Compare to what we got when we did the same thing with Python lists above. It’s about 100 times faster!

More advanced math operations

Numpy comes with a large number of math functions built-in, which we can run on NumPy arrays. For example:

# take the sine of every element in a:
print(np.sin(a))

# sum up all the values in a:
print(np.sum(a))

# take the average of all the values in a:
print(np.mean(a))

[ 0.          0.84147098  0.90929743 ...  0.21429647 -0.70613761
 -0.97735203]
499999500000
499999.5

Some operations can also be executed as methods on the array. For example:

# sum up all the values in a:
print(a.sum())  

# take the average of all the values in a:
print(a.mean())

499999500000
499999.5

Note that this doesn’t work with the sine function, however:

a.sin()

---------------------------------------------------------------------------
AttributeError                            Traceback (most recent call last)
Cell In[33], line 1
----> 1 a.sin()

AttributeError: 'numpy.ndarray' object has no attribute 'sin'

In VS Code, you can see all the operations you can call as methods of the array by typing the array name + .; e.g., a.. That will show a drop-down list that you can cycle through.

Code Challenge 1.1

Let’s illustrate the speed and simplicity of NumPy vs native Python lists.

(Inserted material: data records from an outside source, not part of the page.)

(* Let $\hat q$ be an $m\times m$ and $\hat p$ an $s\times s$ parametric matrix, let $M$ be an $n\times m$ matrix over $\mathfrak R$ and $N$ an $m\times s$ $(\hat q,\hat p)$-Manin matrix over $\mathfrak R$ such that every $N_{ij}$ commutes with every $M_{kl}$. Let $I=(i_1,\dots,i_r)$ be a multi-index with entries in $\{1,\dots,n\}$ and $K=(k_1\le\dots\le k_r)$ a nondecreasing multi-index with entries in $\{1,\dots,s\}$. Then $$\widehat{\mathrm{rper}}_{\hat p}((MN)_{IK})=\sum_J\widehat{\mathrm{rper}}_{\hat q}(M_{IJ})\,\widehat{\mathrm{rper}}_{\hat p}(N_{JK}),$$ the sum over all nondecreasing multi-indices $J=(j_1\le\dots\le j_r)$ with entries in $\{1,\dots,m\}$. In particular, if $m=n=s$, then $\widehat{\mathrm{rper}}_{\hat p}(MN)=\sum_J\widehat{\mathrm{rper}}_{\hat q}(M_{[n]J})\,\widehat{\mathrm{rper}}_{\hat p}(N_{J[n]})$, where $[n]=(1,2,\dots,n)$.
   Context: $\mathfrak R$ is an associative unital algebra over $\mathbb C$. A parametric $n\times n$ matrix is a matrix $\hat q=(q_{ij})$ of nonzero complex numbers with $q_{ij}q_{ji}=1$, $q_{ii}=1$. For parametric $\hat q$ ($m\times m$) and $\hat p$ ($s\times s$), an $m\times s$ matrix $N$ over $\mathfrak R$ is a $(\hat q,\hat p)$-Manin matrix if $N_{ik}N_{jk}=q_{ji}N_{jk}N_{ik}$ for $i<j$ and all $k$, and $N_{ik}N_{jl}-q_{ji}p_{kl}N_{jl}N_{ik}+p_{kl}N_{il}N_{jk}-q_{ji}N_{jk}N_{il}=0$ for $i<j$, $k<l$. For a nondecreasing multi-index $J=(j_1\le\dots\le j_r)$ and $\sigma\in S_r$, $\mu(\hat p,J,\sigma)=\prod_{s<t,\ \sigma(s)>\sigma(t)}p_{j_{\sigma(t)}j_{\sigma(s)}}$. For a matrix $X$, any multi-index $I=(i_1,\dots,i_r)$ and nondecreasing $J$, $\mathrm{rper}_{\hat p}(X_{IJ})=\sum_{\sigma\in S_r}\mu(\hat p,J,\sigma)X_{i_1,j_{\sigma(1)}}\cdots X_{i_r,j_{\sigma(r)}}$, and $\widehat{\mathrm{rper}}_{\hat p}(X_{IJ})=\frac1{v(J)}\mathrm{rper}_{\hat p}(X_{IJ})$ where $v(J)=\prod_{a}|\{t:j_t=a\}|!$. $\widehat{\mathrm{rper}}_{\hat p}(X)$ for square $X$ is the case $I=J=(1,\dots,n)$. *)

From HB Require Import structures.
From mathcomp Require Import all_boot all_order all_algebra all_fingroup.
From mathcomp Require Import complex.
From mathcomp Require Import Rstruct.
Set Implicit Arguments. Unset Strict Implicit. Unset Printing Implicit Defensive.
Import Order.TTheory GRing.Theory Num.Theory.
Local Open Scope ring_scope.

Create a Python array that has 100,000 values equally spaced between 0 and 2*pi (pi = 3.141592653589793).
Calculate the average of the cosine of every value in the Python array. For the cos function, you will need to import the math module.
Repeat steps 1 and 2, but using purely NumPy arrays and functions. You should be able to do step 2 in a single line of code. Note that NumPy has an in-built pi value (np.pi).
Time how long it takes the computer to do Step 2. Compare how long that takes when you use NumPy. When doing the comparison, just time the math operation step, not the array creation. Which is faster? Hint: for timing the Python version, you’ll need to use %%timeit rather than %timeit, as the Python version will require multiple lines of code. Put all the lines in a single cell in your notebook, and put %%timeit at the top to time the entire cell, rather than just a single line.
Which is computationally faster? By what factor?

Solution

To create the Python array:

xsize = 100000
x = [xi*2*np.pi/xsize for xi in range(xsize)]

Evaluation:

import math
y = [math.cos(xi) for xi in x]
sum(y)/len(y)

-3.8771274778262895e-17

Same, with numpy:

import numpy as np
# create the array
x = np.linspace(0, 2*np.pi, xsize)
# take the average of the cosine of the values
np.cos(x).mean()

np.float64(9.99999999994543e-06)

Python timing, in a Jupyter cell:

%%timeit
y = [math.cos(xi) for xi in x]
sum(y)/len(y)

Numpy:

%timeit np.cos(x).mean()

You should get that the numpy version is faster, by a factor of 10-100.